Author: Wen CAO ¹ ; Shunnan YAO ² ; Anqi LI ¹ ; Haoguang CHEN ¹ ; Enfan ZHANG ¹ ; Liqin CAO ¹ ; Jinna ZHANG ¹ ; Yifan HOU ¹ ; Zhenfeng DAI ¹ ; Jing CHEN ¹ ; Xi HUANG ¹ ; Li YANG ³ ; Zhen CAI ⁴
Author Information

1. Bone Marrow Transplantation Center, the First Affiliated Hospital, School of Medicine, Zhejiang University, Hangzhou 310006, China.
2. School of Medicine, Zhejiang University, Hangzhou 310058, China.
3. Institute of Hematology, Zhejiang University, Hangzhou 310058, China. caiz@zju.edu.cn, liyanghz@zju.edu.cn.

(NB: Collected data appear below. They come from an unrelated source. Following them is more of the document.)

Theorem lemma2p1 :
  forall (z1 z2 : C) (gamma : R -> C) (Rf p : C -> C) (c0 : R) (E : C),
    0 < Im z1 < Im z2 ->
    (* Sigma_1 = gamma([0,1]) is an arc in C^+ from z1 to z2; Sigma_2 its conjugate *)
    is_arc gamma z1 z2 ->
    (forall t : R, 0 <= t <= 1 -> 0 < Im (gamma t)) ->
    (* Rf is the branch of R = sqrt(quartic) analytic off the cuts, sheet 1 *)
    (forall z, Omega gamma z -> (Rf z * Rf z)%C = quartic z1 z2 z) ->
    (forall z, Omega gamma z -> continuous Rf z) ->
    (exists M : R, forall x : R, M < x ->
        Im (Rf (RtoC x)) = 0 /\ 0 < Re (Rf (RtoC x))) ->
    (* p is single valued, analytic on Omega, with p' = (z^2 - Re(z1+z2) z + c0)/R *)
    (forall z, Omega gamma z ->
        is_derive (K := C_AbsRing) (V := C_NormedModule) p z
          ((z * z - RtoC (Re (z1 + z2)) * z + RtoC c0) / Rf z)%C) ->
    (* p(z) = int_{z2}^z dp *)
    filterlim p (within (Omega gamma) (locally z2)) (locally (RtoC 0)) ->
    (* p(z) = z + E + O(1/z) as z -> infinity *)
    (exists K M : R, 0 < M /\ forall z, M < Cmod z ->
        Cmod (p z - z - E)%C <= K / Cmod z) ->
    (* level set {Im p = 0} = R ∪ Sigma_1 ∪ Sigma_2 *)
    (forall z, Omega gamma z -> (Im (p z) = 0 <-> Im z = 0)) ->
    (forall w, on_arc gamma w \/ on_conj_arc gamma w ->
        filterlim (fun z => Im (p z)) (within (Omega gamma) (locally w))
          (locally 0)) ->
    forall z : C,
      (0 < Im z -> ~ on_arc gamma z -> 0 < Im (p z - E)%C) /\
      (Im z < 0 -> ~ on_conj_arc gamma z -> Im (p z - E)%C < 0).
Proof.
  intros z1 z2 gamma Rf p c0 E _ Harc Hup HR HRc _ Hder _ Hasym Hlev Hcut.
  assert (HOmega_real : forall z, Im z = 0 -> Omega gamma z).
  { intros z Hz. split;
      [apply not_on_arc_of_Im_nonpos | apply not_on_conj_arc_of_Im_nonneg]; auto; lra. }
  assert (HImE : Im E = 0).
  { destruct Hasym as [K [M [_ Hbound]]]. apply (Im_asymptotic_const_eq_0 p E K M Hbound).
    intros x. apply Hlev; [apply HOmega_real|]; reflexivity. }
  pose proof (Rf_neq_0_on_Omega z1 z2 gamma Rf Harc HR) as HR0.
  destruct Harc as [Hgc _].
  intros z. split; intros Hz Hna.
  - enough (0 < 1 * Im (p z - E)%C) by lra.
    refine (half_plane_Im_sign p Rf (Omega gamma) (on_arc gamma) (Re (z1 + z2)) c0 1 E
              _ (open_not_on_arc gamma Hgc) HOmega_real _ Hder HRc HR0 Hlev _ HImE Hasym
              z _ Hna); [lra | | | lra].
    + intros w Hw HSw. split; [exact HSw|].
      apply not_on_conj_arc_of_Im_nonneg; auto; lra.
    + intros w Hw. apply Hcut. now left.
  - enough (0 < -1 * Im (p z - E)%C) by lra.
    refine (half_plane_Im_sign p Rf (Omega gamma) (on_conj_arc gamma) (Re (z1 + z2)) c0 (-1) E
              _ (open_not_on_conj_arc gamma Hgc) HOmega_real _ Hder HRc HR0 Hlev _ HImE Hasym
              z _ Hna); [lra | | | lra].
    + intros w Hw HSw. split; [|exact HSw].
      apply not_on_arc_of_Im_nonpos; auto; lra.
    + intros w Hw. apply Hcut. now right.
Qed.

4. Bone Marrow Transplantation Center, the First Affiliated Hospital, School of Medicine, Zhejiang University, Hangzhou 310006, China. caiz@zju.edu.cn.
Publication Type:Journal Article
Keywords: Bortezomib; CUDC-101; Cell cycle; Epidermal growth factor receptor (EGFR); Multiple myeloma
MeSH: Humans; Antineoplastic Agents/therapeutic use*; Apoptosis; Bortezomib/pharmacology*; Cell Line, Tumor; Cell Proliferation; ErbB Receptors/antagonists & inhibitors*; G2 Phase Cell Cycle Checkpoints; Histone Deacetylase Inhibitors/pharmacology*; Histone Deacetylases/metabolism*; M Cells; Multiple Myeloma/drug therapy*
From: Journal of Zhejiang University. Science. B 2023;24(5):442-454
CountryChina
Language:English
Abstract: CUDC-101, an effective and multi-target inhibitor of epidermal growth factor receptor (EGFR), histone deacetylase (HDAC), and human epidermal growth factor receptor 2 (HER2), has been reported to inhibit many kinds of cancers, such as acute promyelocytic leukemia and non-Hodgkin's lymphoma. However, no studies have yet investigated whether CUDC-101 is effective against myeloma. Herein, we proved that CUDC-101 effectively inhibits the proliferation of multiple myeloma (MM) cell lines and induces cell apoptosis in a time- and dose-dependent manner. Moreover, CUDC-101 markedly blocked the signaling pathway of EGFR/phosphoinositide-3-kinase (PI3K) and HDAC, and regulated the cell cycle G2/M arrest. Moreover, we revealed through in vivo experiment that CUDC-101 is a potent anti-myeloma drug. Bortezomib is one of the important drugs in MM treatment, and we investigated whether CUDC-101 has a synergistic or additive effect with bortezomib. The results showed that this drug combination had a synergistic anti-myeloma effect by inducing G2/M phase blockade. Collectively, our findings revealed that CUDC-101 could act on its own or in conjunction with bortezomib, which provides insights into exploring new strategies for MM treatment.